WORK REQUEST: Repeat exactly the lines from the first line of the records through the line containing "Definition is_principal (I", and nothing more.

____

(* Let $P$ be a poset. If $P$ is well-quasi-ordered and the set $\mathcal{J}^{\neg\downarrow}(P)$ of non-principal ideals of $P$ is a chain under inclusion, then $P$ is better-quasi-ordered.
   Context: An ideal of $P$ is a nonempty initial segment of $P$ which is up-directed; it is principal if it has a largest element. A quasi-ordered set is well-quasi-ordered (wqo) if it is well-founded and has no infinite antichain. Barriers and bqo: finite subsets of $\mathbb{N}$ are identified with their increasing enumerations. For finite $s,t\subseteq\mathbb{N}$ write $s\triangleleft t$ if there is a finite $r\subseteq\mathbb{N}$ such that $s$ is a proper initial segment of $r$ and $t$ is $r$ with its least element removed. A barrier is an infinite set $B$ of finite subsets of $\mathbb{N}$, no member of which is a proper subset of another, such that every infinite $X\subseteq\bigcup B$ has a nonempty initial segment belonging to $B$. A barrier is well-ordered by the lexicographic order; its order type is the type of this well-order. A map $f$ from a barrier $B$ into a quasi-ordered set $Q$ is good if there exist $s,t\in B$ with $s\triangleleft t$ and $f(s)\leq f(t)$, and bad otherwise. For a countable ordinal $\alpha$, $Q$ is $\alpha$-bqo if every map from a barrier of order type at most $\alpha$ into $Q$ is good; $Q$ is better-quasi-ordered (bqo) if it is $\alpha$-bqo for every countable ordinal $\alpha$. *)

From mathcomp Require Import all_boot.
Set Implicit Arguments. Unset Strict Implicit. Unset Printing Implicit Defensive.

Section Defs.
Variables (T : Type) (le : T -> T -> Prop).

Definition is_poset : Prop :=
  [/\ (forall x, le x x),
      (forall x y, le x y -> le y x -> x = y) &
      (forall x y z, le x y -> le y z -> le x z)].

Definition lt_of (x y : T) : Prop := le x y /\ ~ le y x.

Definition wqo : Prop :=
  well_founded lt_of /\
  ~ (exists f : nat -> T, forall i j, i <> j -> ~ le (f i) (f j)).

Definition is_ideal (I : T -> Prop) : Prop :=
  [/\ (exists x, I x),
      (forall x y, le x y -> I y -> I x) &
      (forall x y, I x -> I y -> exists2 z, I z & le x z /\ le y z)].

Definition is_principal (I : T -> Prop) : Prop :=
  exists2 m, I m & forall x, I x -> le x m.

Definition set_incl (I J : T -> Prop) : Prop := forall x, I x -> J x.
(* Let $X$ be a quasi-Banach function space over $\mathbf{R}^d$ with the Fatou property and let $T$ be a non-degenerate (sub)linear operator for which $T:X\to X_{\mathrm{weak}}$ is bounded. Then $X\in A$ with \[[X]_A\le C^{-2}\|T\|_{X\to X_{\mathrm{weak}}}^2,\] where $C$ is the constant in the definition of non-degeneracy.
   Context: Cubes are axis-parallel cubes in $\mathbf{R}^d$. A quasi-Banach function space over $\mathbf{R}^d$ is a complete quasi-normed space $X\subseteq L^0(\mathbf{R}^d)$ with the ideal property (if $f\in X$, $|g|\le|f|$ then $g\in X$, $\|g\|_X\le\|f\|_X$) and the saturation property (every set of positive measure contains a subset $F$ of positive measure with $\mathbf{1}_F\in X$). Köthe dual: $\|g\|_{X'}=\sup_{\|f\|_X=1}\int|fg|$. Fatou property: $0\le f_n\uparrow f$ a.e., $\sup\|f_n\|_X<\infty$ imply $f\in X$, $\|f\|_X=\sup\|f_n\|_X$. $X_{\mathrm{weak}}$: $f$ with $\mathbf{1}_{\{|f|>\lambda\}}\in X$ for all $\lambda>0$, $\|f\|_{X_{\mathrm{weak}}}=\sup_\lambda\lambda\|\mathbf{1}_{\{|f|>\lambda\}}\|_X<\infty$. $X\in A$: $\mathbf{1}_Q\in X$ and $\mathbf{1}_Q\in X'$ for all cubes $Q$ and $[X]_A=\sup_Q|Q|^{-1}\|\mathbf{1}_Q\|_X\|\mathbf{1}_Q\|_{X'}<\infty$. An operator $T$ is non-degenerate if there is $C>0$ such that for every $\ell>0$ there is $x_\ell\in\mathbf{R}^d$ such that for all cubes $Q$ of side length $\ell$, all $0\le f\in L^1(Q)$ and all $x\in(Q+x_\ell)\cup(Q-x_\ell)$: $|Tf(x)|\ge C\frac1{|Q|}\int_Qf$. *)

From HB Require Import structures.
From mathcomp Require Import all_boot all_order all_algebra.
From mathcomp Require Import all_classical all_reals all_analysis.

Set Implicit Arguments.
Unset Strict Implicit.
Unset Printing Implicit Defensive.
Import Order.TTheory GRing.Theory Num.Theory.
Import numFieldNormedType.Exports.
Local Open Scope classical_set_scope.
Local Open Scope ring_scope.

(* Lebesgue measure on R^d = 'rV[R]_d, built by the textbook Caratheodory    *)
(* construction: the outer measure lambda^*(A) = inf sum_k vol(B_k) over     *)
(* countable covers of A by half-open boxes B_k = prod_i [a_i, b_i), and the *)
(* Lebesgue sigma-algebra = Caratheodory-measurable sets of lambda^*.        *)

Section LebesgueRd.
Variables (R : realType) (d : nat).
(* Let $x_1<x_2<x_3$ and $y_1<y_2<y_3$ be real numbers and $Z=(z_{ij})\in\mathbb{R}^{3\times 3}$. Put $P_{ij}:=(x_i,y_j,z_{ij})\in\mathbb{R}^3$ for $i,j\in\{1,2,3\}$, and define $A_i:=\operatorname{conv}\{P_{i1},P_{i2},P_{i3}\}$ and $B_j:=\operatorname{conv}\{P_{1j},P_{2j},P_{3j}\}$. Then either there is a line contained in the plane $\{(x_2,s,t): s,t\in\mathbb{R}\}$ intersecting all of $B_1,B_2,B_3$, or there is a line contained in the plane $\{(s,y_2,t): s,t\in\mathbb{R}\}$ intersecting all of $A_1,A_2,A_3$. *)

From HB Require Import structures.
From mathcomp Require Import all_boot all_order all_algebra.
From mathcomp Require Import reals.
Set Implicit Arguments. Unset Strict Implicit. Unset Printing Implicit Defensive.
Import Order.TTheory GRing.Theory Num.Theory.
Local Open Scope ring_scope.

(* the three indices {1,2,3} of the paper are ordinals 0,1,2 of 'I_3 *)
Definition i0 : 'I_3 := @Ordinal 3 0 isT.
Definition i1 : 'I_3 := @Ordinal 3 1 isT.
Definition i2 : 'I_3 := @Ordinal 3 2 isT.

Definition pt3 {R : realType} (a b c : R) : 'rV[R]_3 :=
  \row_(k < 3) (if k == i0 then a else if k == i1 then b else c).

Definition coord {R : realType} (q : 'rV[R]_3) (k : 'I_3) : R := q ord0 k.

Definition conv3 {R : realType} (a b c : 'rV[R]_3) (q : 'rV[R]_3) : Prop :=
  exists (al be ga : R), [/\ 0 <= al, 0 <= be, 0 <= ga, al + be + ga = 1
                         & q = al *: a + be *: b + ga *: c].

Definition is_line {R : realType} (L : 'rV[R]_3 -> Prop) : Prop :=
  exists (p d : 'rV[R]_3), d != 0 /\ forall q, L q <-> exists t : R, q = p + t *: d.

Definition coord_plane {R : realType} (k : 'I_3) (c : R) (q : 'rV[R]_3) : Prop :=
  coord q k = c.

(* The plane x = x_2 cuts each B_j in the vertical segment between z_2j and
   the height a_j at which the edge [P_1j, P_3j] crosses it, and a line of that
   plane through heights c_1, c_3 above y_1, y_3 passes above y_2 at the
   interpolated height.  Taking c_j = th a_j + (1 - th) z_2j, this middle
   height sweeps the segment [Q, b_2], where Q is the bilinear interpolation
   at (x_2, y_2) of the four corner values z_11, z_13, z_31, z_33 and b_2 the
   interpolation of z_21, z_23; so the line exists as soon as [Q, b_2] meets
   [a_2, z_22].  Symmetrically, a line in the plane y = y_2 exists as soon as
   [Q, a_2] meets [b_2, z_22], with the same Q.  For any four reals one of
   these two intersections is nonempty. *)

From HB Require Import structures.
From mathcomp Require Import all_boot all_order all_algebra.
From mathcomp Require Import fingroup perm reals.
From mathcomp Require Import ring lra.

Set Implicit Arguments.
Unset Strict Implicit.
Unset Printing Implicit Defensive.

Import Order.TTheory GRing.Theory Num.Theory.
Local Open Scope ring_scope.

Lemma ord3_cases (j : 'I_3) : [\/ j = i0, j = i1 | j = i2].
Proof.
by case: j => -[|[|[|//]]] hj; [constructor 1|constructor 2|constructor 3];
  apply: val_inj.
Qed.

Section Segments.
Variable R : realFieldType.

Definition on_segment (a b t : R) : Prop :=
  exists2 th, 0 <= th <= 1 & t = th * a + (1 - th) * b.

Lemma on_segmentC a b t : on_segment a b t -> on_segment b a t.
Proof. by case=> th th01 ->; exists (1 - th); [lra | ring]. Qed.

Lemma on_segment_between a b t :
  (a <= t <= b) \/ (b <= t <= a) -> on_segment a b t.
Proof.
wlog le_ab : a b / a <= b => [hwlog|].
  have [/hwlog//|/ltW/hwlog hba htab] := lerP a b.
  by apply/on_segmentC/hba; case: htab; [right|left].
move=> htab; have [le_ba|lt_ab] := lerP b a.
  by exists 1; [lra | have -> : t = a by lra]; ring.
exists ((b - t) / (b - a)); last by field; rewrite subr_eq0 gt_eqF.
by rewrite divr_ge0 ?ler_pdivrMr ?mul1r /=; lra.
Qed.

(* If a or b lies between Q and the other, it is a common point; otherwise
   Q separates a from b, hence lies between M and one of them. *)
Lemma on_segment_cross Q a b M :
  (exists2 t, on_segment Q b t & on_segment a M t) \/
  (exists2 t, on_segment Q a t & on_segment b M t).
Proof.
have [aQ|Qa] := lerP a Q; have [bQ|Qb] := lerP b Q; have [MQ|QM] := lerP M Q;
have [ab|ba] := lerP a b;
first [ by left; exists Q; apply: on_segment_between; lra
      | by left; exists a; apply: on_segment_between; lra
      | by right; exists Q; apply: on_segment_between; lra
      | by right; exists b; apply: on_segment_between; lra ].
Qed.

Definition mid_weight (u : 'I_3 -> R) : R := (u i2 - u i1) / (u i2 - u i0).

(* The value at u i1 of the affine function through (u i0, f i0) and
   (u i2, f i2). *)
Definition interp_mid (u f : 'I_3 -> R) : R :=
  mid_weight u * f i0 + (1 - mid_weight u) * f i2.

Lemma mid_weight_itv u : u i0 < u i1 /\ u i1 < u i2 -> 0 <= mid_weight u <= 1.
Proof.
move=> hu; have hd : 0 < u i2 - u i0 by lra.
by rewrite divr_ge0 ?ler_pdivrMr ?mul1r /=; lra.
Qed.

Lemma interp_mid_id u : u i0 != u i2 -> interp_mid u u = u i1.
Proof.
by move=> hu; rewrite /interp_mid /mid_weight; field; rewrite subr_eq0 eq_sym.
Qed.

Lemma interp_midC u v (f : 'I_3 -> 'I_3 -> R) :
  interp_mid u (fun i => interp_mid v (f i)) =
  interp_mid v (fun j => interp_mid u (f^~ j)).
Proof. by rewrite /interp_mid; ring. Qed.

End Segments.

Section Geometry.
Variable R : realType.
Implicit Types (p q : 'rV[R]_3) (M : 'M[R]_3).

Lemma pt3_lerp (t a b c a' b' c' : R) :
  t *: pt3 a b c + (1 - t) *: pt3 a' b' c' =
  pt3 (t * a + (1 - t) * a') (t * b + (1 - t) * b') (t * c + (1 - t) * c').
Proof. by apply/rowP => k; rewrite !mxE; case: ifP => _; [|case: ifP]. Qed.

Lemma conv3_lerp (p0 p1 p2 : 'rV[R]_3) (l th : R) :
  0 <= l <= 1 -> 0 <= th <= 1 ->
  conv3 p0 p1 p2 (th *: (l *: p0 + (1 - l) *: p2) + (1 - th) *: p1).
Proof.
move=> l01 th01; exists (th * l), (1 - th), (th * (1 - l)).
by split; [nra | lra | nra | ring | rewrite scalerDr !scalerA addrAC].
Qed.

Definition line_through p p' q : Prop :=
  exists t : R, q = t *: p + (1 - t) *: p'.

Lemma is_line_through p p' : p != p' -> is_line (line_through p p').
Proof.
move=> neq_pp'; exists p', (p - p'); split; first by rewrite subr_eq0.
have E t : t *: p + (1 - t) *: p' = p' + t *: (p - p').
  by apply/rowP => k; rewrite !mxE; ring.
by move=> q; split=> -[t ->]; exists t; rewrite E.
Qed.

Lemma line_through_coord p p' k (c : R) q :
  coord p k = c -> coord p' k = c -> line_through p p' q -> coord q k = c.
Proof. by rewrite /coord => hp hp' [t ->]; rewrite !mxE hp hp'; ring. Qed.

Lemma conv3_mulmx M a b c q :
  conv3 a b c q -> conv3 (a *m M) (b *m M) (c *m M) (q *m M).
Proof.
case=> al [be [ga [? ? ? ? ->]]]; exists al, be, ga.
by split; rewrite // !mulmxDl !scalemxAl.
Qed.

Lemma is_line_mulmx M (L : 'rV[R]_3 -> Prop) : M \in unitmx -> is_line L ->
  is_line (fun q => exists2 q0, L q0 & q = q0 *m M).
Proof.
move=> uM [p [d [d0 hL]]]; exists (p *m M), (d *m M).
split; first by rewrite mulmx_free_eq0 ?row_free_unit.
move=> q; split.
  by case=> q0 /hL[t ->] ->; exists t; rewrite mulmxDl scalemxAl.
case=> t ->; exists (p + t *: d); last by rewrite mulmxDl scalemxAl.
by apply/hL; exists t.
Qed.

Lemma pt3_tperm01 (a b c : R) : pt3 a b c *m perm_mx (tperm i0 i1) = pt3 b a c.
Proof.
rewrite -tpermV -col_permE.
by apply/rowP => k; have [->|->|->] := ord3_cases k; rewrite !mxE permE.
Qed.

Lemma coord_tperm01 q : coord (q *m perm_mx (tperm i0 i1)) i1 = coord q i0.
Proof. by rewrite /coord -[in LHS]tpermV -col_permE !mxE tpermR. Qed.

End Geometry.

Section PlaneSections.
Variables (R : realType) (x y : 'I_3 -> R) (z : 'I_3 -> 'I_3 -> R).
Hypotheses (hx : x i0 < x i1 /\ x i1 < x i2) (hy : y i0 < y i1 /\ y i1 < y i2).

Local Notation P i j := (pt3 (x i) (y j) (z i j)).
(* The height at which the edge [P i0 j, P i2 j] crosses the plane x = x i1. *)
Local Notation col_mid j := (interp_mid x (fun i => z i j)).

Lemma column_section_conv3 j c : on_segment (col_mid j) (z i1 j) c ->
  conv3 (P i0 j) (P i1 j) (P i2 j) (pt3 (x i1) (y j) c).
Proof.
case=> th th01 ->; have hx1 : interp_mid x x = x i1.
  by apply: interp_mid_id; rewrite lt_eqF //; case: hx; apply: lt_trans.
suff -> : pt3 (x i1) (y j) (th * col_mid j + (1 - th) * z i1 j) =
  th *: (mid_weight x *: P i0 j + (1 - mid_weight x) *: P i2 j)
  + (1 - th) *: P i1 j.
  exact/conv3_lerp/th01/mid_weight_itv.
by rewrite !pt3_lerp -hx1 /interp_mid; congr pt3; ring.
Qed.

Lemma plane_line_columns (c : 'I_3 -> R) :
  on_segment (col_mid i0) (z i1 i0) (c i0) ->
  on_segment (col_mid i2) (z i1 i2) (c i2) ->
  on_segment (col_mid i1) (z i1 i1) (interp_mid y c) ->
  exists L : 'rV[R]_3 -> Prop, is_line L /\
    (forall q, L q -> coord_plane i0 (x i1) q) /\
    (forall j, exists q, L q /\ conv3 (P i0 j) (P i1 j) (P i2 j) q).
Proof.
move=> h0 h2 h1; have hy1 : interp_mid y y = y i1.
  by apply: interp_mid_id; rewrite lt_eqF //; case: hy; apply: lt_trans.
exists (line_through (pt3 (x i1) (y i0) (c i0)) (pt3 (x i1) (y i2) (c i2))).
split; [|split].
- apply: is_line_through; apply/eqP => /rowP/(_ i1); rewrite !mxE /=.
  by move: hy; lra.
- by move=> q; apply: line_through_coord; rewrite /coord mxE.
move=> j; have [->|->|->] := ord3_cases j.
- exists (pt3 (x i1) (y i0) (c i0)); split; last exact: column_section_conv3.
  by exists 1; rewrite subrr scale1r scale0r addr0.
- exists (pt3 (x i1) (y i1) (interp_mid y c)).
  split; last exact: column_section_conv3.
  by exists (mid_weight y); rewrite pt3_lerp -hy1; congr pt3; ring.
- exists (pt3 (x i1) (y i2) (c i2)); split; last exact: column_section_conv3.
  by exists 0; rewrite subr0 scale1r scale0r add0r.
Qed.

Lemma plane_line_columns_cross t :
  on_segment (interp_mid y (fun j => col_mid j)) (interp_mid y (z i1)) t ->
  on_segment (col_mid i1) (z i1 i1) t ->
  exists L : 'rV[R]_3 -> Prop, is_line L /\
    (forall q, L q -> coord_plane i0 (x i1) q) /\
    (forall j, exists q, L q /\ conv3 (P i0 j) (P i1 j) (P i2 j) q).
Proof.
(* By bilinearity the line through the outer heights then passes the middle
   column at height t. *)
case=> th th01 -> h1.
apply: (plane_line_columns (c := fun j => th * col_mid j + (1 - th) * z i1 j)).
- by exists th.
- by exists th.
- by congr (on_segment _ _ _): h1; rewrite /interp_mid; ring.
Qed.

End PlaneSections.

Lemma plane_line_rows_cross (R : realType) (x y : 'I_3 -> R)
  (z : 'I_3 -> 'I_3 -> R)
  (hx : x i0 < x i1 /\ x i1 < x i2) (hy : y i0 < y i1 /\ y i1 < y i2) t :
  on_segment (interp_mid y (fun j => interp_mid x (fun i => z i j)))
             (interp_mid x (fun i => z i i1)) t ->
  on_segment (interp_mid y (z i1)) (z i1 i1) t ->
  exists L : 'rV[R]_3 -> Prop, is_line L /\
    (forall q, L q -> coord_plane i1 (y i1) q) /\
    (forall i, exists q, L q /\
       conv3 (pt3 (x i) (y i0) (z i i0)) (pt3 (x i) (y i1) (z i i1))
             (pt3 (x i) (y i2) (z i i2)) q).
Proof.
(* Exchanging the first two coordinates turns rows into columns. *)
rewrite -interp_midC => hQ ha.
have [L [lineL [planeL meetL]]] :=
  plane_line_columns_cross hy hx (z := fun j i => z i j) hQ ha.
exists (fun q => exists2 q0, L q0 & q = q0 *m perm_mx (tperm i0 i1)).
split; [|split].
- exact/is_line_mulmx/lineL/unitmx_perm.
- by move=> _ [q0 /planeL hq0 ->]; rewrite /coord_plane coord_tperm01.
move=> i; have [q0 [Lq0 /(conv3_mulmx (perm_mx (tperm i0 i1)))]] := meetL i.
rewrite !pt3_tperm01 => hA.
by exists (q0 *m perm_mx (tperm i0 i1)); split; first exists q0.
Qed.

Theorem lemma3 (R : realType) (x y : 'I_3 -> R) (Z : 'M[R]_3)
  (hx : x i0 < x i1 /\ x i1 < x i2) (hy : y i0 < y i1 /\ y i1 < y i2) :
  let P := fun i j => pt3 (x i) (y j) (Z i j) in
  let A := fun i => conv3 (P i i0) (P i i1) (P i i2) in
  let B := fun j => conv3 (P i0 j) (P i1 j) (P i2 j) in
  (exists L : 'rV[R]_3 -> Prop, is_line L /\
     (forall q, L q -> coord_plane i0 (x i1) q) /\
     (forall j : 'I_3, exists q, L q /\ B j q))
  \/
  (exists L : 'rV[R]_3 -> Prop, is_line L /\
     (forall q, L q -> coord_plane i1 (y i1) q) /\
     (forall i : 'I_3, exists q, L q /\ A i q)).
Proof.
move=> P A B.
have [[t hQb haM] | [t hQa hbM]] := on_segment_cross
  (interp_mid y (fun j => interp_mid x (fun i => Z i j)))
  (interp_mid x (fun i => Z i i1)) (interp_mid y (fun j => Z i1 j)) (Z i1 i1).
- by left; apply: (plane_line_columns_cross (z := fun i j => Z i j)) hQb haM.
- by right; apply: (plane_line_rows_cross (z := fun i j => Z i j)) hQa hbM.
Qed.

____

EXPECTED ANSWER:
(* Let $P$ be a poset. If $P$ is well-quasi-ordered and the set $\mathcal{J}^{\neg\downarrow}(P)$ of non-principal ideals of $P$ is a chain under inclusion, then $P$ is better-quasi-ordered.
   Context: An ideal of $P$ is a nonempty initial segment of $P$ which is up-directed; it is principal if it has a largest element. A quasi-ordered set is well-quasi-ordered (wqo) if it is well-founded and has no infinite antichain. Barriers and bqo: finite subsets of $\mathbb{N}$ are identified with their increasing enumerations. For finite $s,t\subseteq\mathbb{N}$ write $s\triangleleft t$ if there is a finite $r\subseteq\mathbb{N}$ such that $s$ is a proper initial segment of $r$ and $t$ is $r$ with its least element removed. A barrier is an infinite set $B$ of finite subsets of $\mathbb{N}$, no member of which is a proper subset of another, such that every infinite $X\subseteq\bigcup B$ has a nonempty initial segment belonging to $B$. A barrier is well-ordered by the lexicographic order; its order type is the type of this well-order. A map $f$ from a barrier $B$ into a quasi-ordered set $Q$ is good if there exist $s,t\in B$ with $s\triangleleft t$ and $f(s)\leq f(t)$, and bad otherwise. For a countable ordinal $\alpha$, $Q$ is $\alpha$-bqo if every map from a barrier of order type at most $\alpha$ into $Q$ is good; $Q$ is better-quasi-ordered (bqo) if it is $\alpha$-bqo for every countable ordinal $\alpha$. *)

From mathcomp Require Import all_boot.
Set Implicit Arguments. Unset Strict Implicit. Unset Printing Implicit Defensive.

Section Defs.
Variables (T : Type) (le : T -> T -> Prop).

Definition is_poset : Prop :=
  [/\ (forall x, le x x),
      (forall x y, le x y -> le y x -> x = y) &
      (forall x y z, le x y -> le y z -> le x z)].

Definition lt_of (x y : T) : Prop := le x y /\ ~ le y x.

Definition wqo : Prop :=
  well_founded lt_of /\
  ~ (exists f : nat -> T, forall i j, i <> j -> ~ le (f i) (f j)).

Definition is_ideal (I : T -> Prop) : Prop :=
  [/\ (exists x, I x),
      (forall x y, le x y -> I y -> I x) &
      (forall x y, I x -> I y -> exists2 z, I z & le x z /\ le y z)].

Definition is_principal (I : T -> Prop) : Prop :=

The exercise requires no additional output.